One loves to find people who care
for one, when they can have no view in it.
[Sidenote: _Horace Walpole_]
As to "Hosier's Ghost," I think it very easy, and consequently pretty;
but, from the ease, should never have guessed it Glover's. I delight in
your, "the patriots cry it up, and the courtiers cry it down, and the
hawkers cry it up and down."
[Sidenote: _Horace Walpole_]
There is a little book coming out that will amuse you. It is a new
edition of Isaac Walton's "Complete Angler," full of anecdotes and
historic notes. It is published by Mr. Hawkins, a very worthy gentleman
in my neighbourhood, but who, I could wish, did not think angling so
very _innocent_ an amusement.
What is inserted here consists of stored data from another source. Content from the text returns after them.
(* The language is closed under rotation, so [w b] is in it iff [b w] is: every vertex
   of the de Bruijn graph has as many in-arcs as out-arcs, and every arc [as -> sb] lies
   on the cycle of length-[n] factors of the cyclic word [asb], hence inside its strongly
   connected component; so [G_n] is balanced.  In a balanced graph the minimal walk uses
   no arc twice and can only get stuck back at [m].  It leaves each vertex [x] along arcs
   of increasing label, so [e(x)] is the last arc it uses out of [x].  If [T] is acyclic
   but some arc is unused, the set of vertices with an unused out-arc avoids [m] and is
   closed under [e]: [e(x)] is then unused, so its head has an unused in-arc and, by
   balance, an unused out-arc; this contradicts acyclicity.  Conversely, if the walk is
   Eulerian, the position of [e(x)] in the walk strictly increases along the arcs of [T],
   so [T] has no cycle. *)

Section Acyclic.
Variables (T : finType) (e : rel T).

Lemma acyclic_of_potential (f : T -> nat) :
  (forall u v, e u v -> f u < f v) -> forall u v, e u v -> ~~ connect e v u.
Proof.
move=> f_lt u v euv; apply/negP => /connectP [p].
have f_path x q : path e x q -> f x <= f (last x q).
  elim: q x => //= y q IHq x /andP [exy /IHq]; exact/leq_trans/ltnW/f_lt.
move=> /f_path f_vu u_last; have := f_lt _ _ euv.
by rewrite ltnNge u_last f_vu.
Qed.

Lemma acyclic_succ_closed_set0 (S : {set T}) :
  (forall u v, e u v -> ~~ connect e v u) ->
  (forall x, x \in S -> exists2 y, e x y & y \in S) -> S = set0.
Proof.
move=> acyc S_succ; apply/setP => x0; rewrite inE; apply/negP => Sx0.
case: (arg_minnP (fun x => #|[set z | connect e x z]|) Sx0) => x Sx x_min.
case: (S_succ x Sx) => y exy Sy.
have : [set z | connect e y z] \proper [set z | connect e x z].
  rewrite properE; apply/andP; split.
    by apply/subsetP => z; rewrite !inE; apply/connect_trans/connect1.
  by apply/subsetPn; exists x; rewrite !inE ?connect0 ?acyc.
by move/proper_card; rewrite ltnNge x_min.
Qed.

End Acyclic.

Lemma count_fst_uniq (T1 : eqType) (T2 : finType) (s : seq (T1 * T2)) z :
  uniq s -> count (pred1 z) (map fst s) = #|[set y | (z, y) \in s]|.
Proof.
move=> s_uniq; rewrite count_map -size_filter.
have snd_uniq : uniq (map snd (filter (preim fst (pred1 z)) s)).
  rewrite map_inj_in_uniq ?filter_uniq //.
  by move=> [a b] [a' b']; rewrite !mem_filter => /andP [/eqP /= -> _] /andP [/eqP /= -> _] /= ->.
rewrite -(size_map snd) -(card_uniqP snd_uniq); apply: eq_card => y; rewrite inE.
apply/mapP/idP => [[[a b]] | zy]; last by exists (z, y); rewrite // mem_filter /= eqxx.
by rewrite mem_filter => /andP [/eqP /= -> ?] ->.
Qed.

Lemma count_snd_uniq (T1 : eqType) (T2 : finType) (s : seq (T2 * T1)) z :
  uniq s -> count (pred1 z) (map snd s) = #|[set y | (y, z) \in s]|.
Proof.
pose swap (e : T2 * T1) := (e.2, e.1).
have swap_inj : injective swap by move=> [a b] [c d] [-> ->].
move=> s_uniq; have -> : map snd s = map fst (map swap s) by rewrite -map_comp.
rewrite count_fst_uniq ?map_inj_uniq //; apply: eq_card => y.
by rewrite !inE -[(z, y)]/(swap (y, z)) (mem_map swap_inj).
Qed.

Lemma path_adjacent_arcsE (T : eqType) (e : T * T) p :
  path (fun e1 e2 : T * T => e1.2 == e2.1) e p = (map fst p == belast e.2 (map snd p)).
Proof. by elim: p e => [|e' p IHp] e //=; rewrite IHp eqseq_cons eq_sym. Qed.

Lemma size_flatten_nseq (T : Type) N (s : seq T) : size (flatten (nseq N s)) = N * size s.
Proof. by rewrite size_flatten /shape map_nseq sumn_nseq mulnC. Qed.

Lemma nth_flatten_nseq (T : Type) (x0 : T) N (s : seq T) i :
  i < N * size s -> nth x0 (flatten (nseq N s)) i = nth x0 s (i %% size s).
Proof.
elim: N i => [|N IHN] i; first by rewrite mul0n.
rewrite mulSn /= nth_cat => i_lt; case: ltnP => i_s; first by rewrite modn_small.
rewrite IHN; last by lia.
by rewrite -{2}(subnK i_s) modnDr.
Qed.

Lemma nth_rot1 (T : Type) (x0 : T) (s : seq T) t : t < size s ->
  nth x0 (rot 1 s) t = nth x0 s (t.+1 %% size s).
Proof.
case: s => // a s' /= t_lt; rewrite rot1_cons nth_rcons.
case: ltnP => t_s; first by rewrite modn_small.
have -> : t = size s' by lia.
by rewrite modnn eqxx.
Qed.

Section PeriodicFactor.
Variables (disp : Order.disp_t) (A : finOrderType disp).

Lemma per_factorE (x0 : A) (u s : seq A) : 0 < size s ->
  per_factor u s <-> exists2 i, i < size s &
    forall t, t < size u -> nth x0 u t = nth x0 s ((i + t) %% size s).
Proof.
move=> s_gt0; set L := size u.
have L_le : L <= L * size s by rewrite leq_pmulr.
have window_size i : i < size s -> size (take L (drop i (flatten (nseq L.+1 s)))) = L.
  move=> i_lt; rewrite size_take size_drop size_flatten_nseq mulSn.
  by case: ltnP => //; lia.
have window_nth i t : i < size s -> t < L ->
    nth x0 (take L (drop i (flatten (nseq L.+1 s)))) t = nth x0 s ((i + t) %% size s).
  move=> i_lt t_lt; rewrite nth_take // nth_drop nth_flatten_nseq // mulSn; lia.
split=> [[i i_lt u_eq] | [i i_lt u_nth]]; exists i => //.
  by move=> t t_lt; rewrite u_eq window_nth.
by apply: (@eq_from_nth _ x0) => [|t t_lt]; rewrite ?window_size ?window_nth ?u_nth.
Qed.

Lemma per_factor_rot1 (u s : seq A) : per_factor u (rot 1 s) -> per_factor u s.
Proof.
case: s => [|a s']; first by case.
set s := a :: s'; have s_gt0 : 0 < size s by [].
rewrite (per_factorE a) ?size_rot // (per_factorE a) //.
case=> i i_lt u_nth; exists (i.+1 %% size s); first by rewrite ltn_mod.
move=> t t_lt; rewrite u_nth // nth_rot1 ?ltn_mod //.
by rewrite modnDml -[((i + t) %% size s).+1]addn1 modnDml addn1 addSn.
Qed.

Lemma inL_rot (F : seq A -> Prop) j s : inL F s -> inL F (rot j s).
Proof.
move=> sL; elim: j => [|j IHj]; first by rewrite rot0.
case: (ltnP j (size s)) => [j_lt | j_ge]; last by rewrite rot_oversize // leqW.
by rewrite rotS // => u Fu /per_factor_rot1; apply: IHj.
Qed.

End PeriodicFactor.

Section DeBruijnArcs.
Variables (disp : Order.disp_t) (A : finOrderType disp) (F : seq A -> Prop) (k : nat).
Local Notation V := (k.+1.-tuple A).
Local Notation darc := (@darc _ _ F k).

Lemma label_nth (x0 : A) (v : V) : label v = nth x0 v k.
Proof. by rewrite /label (tnth_nth x0). Qed.

Lemma rcons_take_label (v : V) : rcons (take k v) (label v) = v.
Proof. by rewrite (label_nth (label v)) -take_nth ?size_tuple // take_oversize ?size_tuple. Qed.

Lemma darc_label_inj (x y y' : V) : darc x y -> darc x y' -> label y = label y' -> y = y'.
Proof.
case/andP=> /eqP xy _ /andP [/eqP xy' _] eq_label; apply: val_inj.
by rewrite /= -rcons_take_label -[in RHS]rcons_take_label -xy -xy' eq_label.
Qed.

Lemma darc_inL (x y : V) : darc x y -> inL F (rcons x (label y)).
Proof. by case/andP=> _ /asboolP. Qed.

(* The length-[n] factor at position [j] of the cyclic word [x b]; the default [x] of
   [insubd] is never used. *)
Definition rot_window (x : V) (b : A) j : V := insubd x (take k.+1 (rot j (rcons x b))).

Lemma rot_windowE (x : V) b j : rot_window x b j = take k.+1 (rot j (rcons x b)) :> seq A.
Proof. by rewrite val_insubd size_take size_rot size_rcons size_tuple ltnSn eqxx. Qed.

Lemma rot_window0 (x : V) b : rot_window x b 0 = x.
Proof. by apply: val_inj; rewrite /= rot_windowE rot0 -cats1 -{1}(size_tuple x) take_size_cat. Qed.

Lemma rot_window_size (x : V) b : rot_window x b k.+2 = x.
Proof.
have -> : k.+2 = size (rcons x b) by rewrite size_rcons size_tuple.
by apply: val_inj; rewrite /= rot_windowE rot_size -[in RHS](rot_window0 x b) rot_windowE rot0.
Qed.

Lemma rot_window1 (x y : V) : darc x y -> rot_window x (label y) 1 = y.
Proof.
case/andP=> /eqP x_y _; apply: val_inj.
rewrite /= rot_windowE -[tval y](rcons_take_label y) -x_y.
case: x {x_y} => [[|a x'] //= /eqP [x_size]].
by rewrite rot1_cons -cats1 take_size_cat // size_rcons x_size.
Qed.

Lemma darc_rot_window (x : V) b j : inL F (rcons x b) -> j < k.+2 ->
  darc (rot_window x b j) (rot_window x b j.+1).
Proof.
move=> xbL j_lt; have rL := inL_rot (j := j) xbL.
have r_size : size (rot j (rcons x b)) = k.+2 by rewrite size_rot size_rcons size_tuple.
have win_Sj : rot_window x b j.+1 = behead (rot j (rcons x b)) :> seq A.
  rewrite rot_windowE rotS; last by rewrite size_rcons size_tuple.
  move: r_size; case: (rot j _) => [|a r] //= [r_size].
  by rewrite rot1_cons -cats1 -r_size take_size_cat.
move: r_size rL (rot_windowE x b j) win_Sj; case: (rot j _) => [|a r] //= _ rL win_j win_Sj.
apply/andP; split; first by rewrite win_j win_Sj.
apply/asboolP; have -> : rot_window x b j = a :: take k (rot_window x b j.+1) :> seq A.
  by rewrite win_j win_Sj.
by rewrite /= rcons_take_label win_Sj.
Qed.

Lemma connect_rot_window (x : V) b i d : inL F (rcons x b) -> i + d <= k.+2 ->
  connect darc (rot_window x b i) (rot_window x b (i + d)).
Proof.
move=> xbL; elim: d i => [|d IHd] i id_le; first by rewrite addn0.
have i_lt : i < k.+2 by lia.
apply: (connect_trans (connect1 (darc_rot_window xbL i_lt))).
by rewrite -addSnnS; apply: IHd; lia.
Qed.

Lemma darc_connect_rev (u v : V) : darc u v -> connect darc v u.
Proof.
move=> uv; have := connect_rot_window (i := 1) (darc_inL uv) (leqnn k.+2).
by rewrite rot_window1 // add1n rot_window_size.
Qed.

Lemma card_darc_out (x : V) :
  #|[set y | darc x y]| = #|[set b : A | `[< inL F (rcons x b) >]]|.
Proof.
rewrite -(card_in_imset (f := @label _ _ k)); last first.
  by move=> y y'; rewrite !inE; apply: darc_label_inj.
apply: eq_card => b; rewrite inE; apply/imsetP/asboolP => [[y] | xbL].
  by rewrite inE => /darc_inL + ->.
have y_size : size (rcons (behead x) b) == k.+1 by rewrite size_rcons size_behead size_tuple.
have y_label : label (insubd x (rcons (behead x) b)) = b.
  by rewrite (label_nth b) val_insubd y_size nth_rcons size_behead size_tuple ltnn eqxx.
exists (insubd x (rcons (behead x) b)) => //; rewrite inE; apply/andP; split.
  by rewrite val_insubd y_size -cats1 take_size_cat // size_behead size_tuple.
by rewrite y_label; apply/asboolP.
Qed.

Lemma card_darc_in (x : V) :
  #|[set a | darc a x]| = #|[set c : A | `[< inL F (c :: x) >]]|.
Proof.
pose hd (a : V) := head (label x) a.
have darc_hd a : darc a x -> a = hd a :: take k x :> seq A.
  by case/andP=> /eqP <- _; case: a => [[|c a']].
rewrite -(card_in_imset (f := hd)); last first.
  move=> a a'; rewrite !inE => /darc_hd ax /darc_hd a'x eq_hd.
  by apply: val_inj; rewrite /= ax a'x eq_hd.
apply: eq_card => c; rewrite inE; apply/imsetP/asboolP => [[a] | cxL].
  by rewrite inE => ax ->; have := darc_inL ax; rewrite (darc_hd _ ax) /= rcons_take_label.
have a_size : size (c :: take k x) == k.+1 by rewrite /= size_take size_tuple ltnSn.
exists (insubd x (c :: take k x)); last by rewrite /hd val_insubd a_size.
rewrite inE; apply/andP; split; first by rewrite val_insubd a_size.
by apply/asboolP; rewrite val_insubd a_size /= rcons_take_label.
Qed.

Lemma darc_balanced (x : V) : #|[set y | darc x y]| = #|[set y | darc y x]|.
Proof.
rewrite card_darc_out card_darc_in; apply: eq_card => c; rewrite !inE.
apply/asboolP/asboolP => [xcL | cxL]; last by rewrite -rot1_cons; apply: inL_rot.
by have := inL_rot (j := size x) xcL; rewrite -cats1 rot_size_cat.
Qed.

End DeBruijnArcs.

Section StronglyConnectedComponent.
Variables (disp : Order.disp_t) (A : finOrderType disp) (F : seq A -> Prop) (k : nat).
Variable C : {set k.+1.-tuple A}.
Hypothesis C_scc : is_scc F C.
We cannot live without destroying animals,
but shall we torture them for our sport--sport in their destruction? I
met a rough officer at his house t'other day, who said he knew such a
person was turning Methodist; for, in the middle of conversation, he
rose and opened the window to let out a moth. I told him I did not know
that the Methodists had any principle so good, and that I, who am
certainly not on the point of becoming one, always did so too. One of
the bravest and best men I ever knew, Sir Charles Wager, I have often
heard declare he never killed a fly willingly. It is a comfortable
reflection to me, that all the victories of last year have been gained
since the suppression of the Bear Garden and prize-fighting; as it is
plain, and nothing else would have made it so, that our valour did not
singly and solely depend upon these two Universities.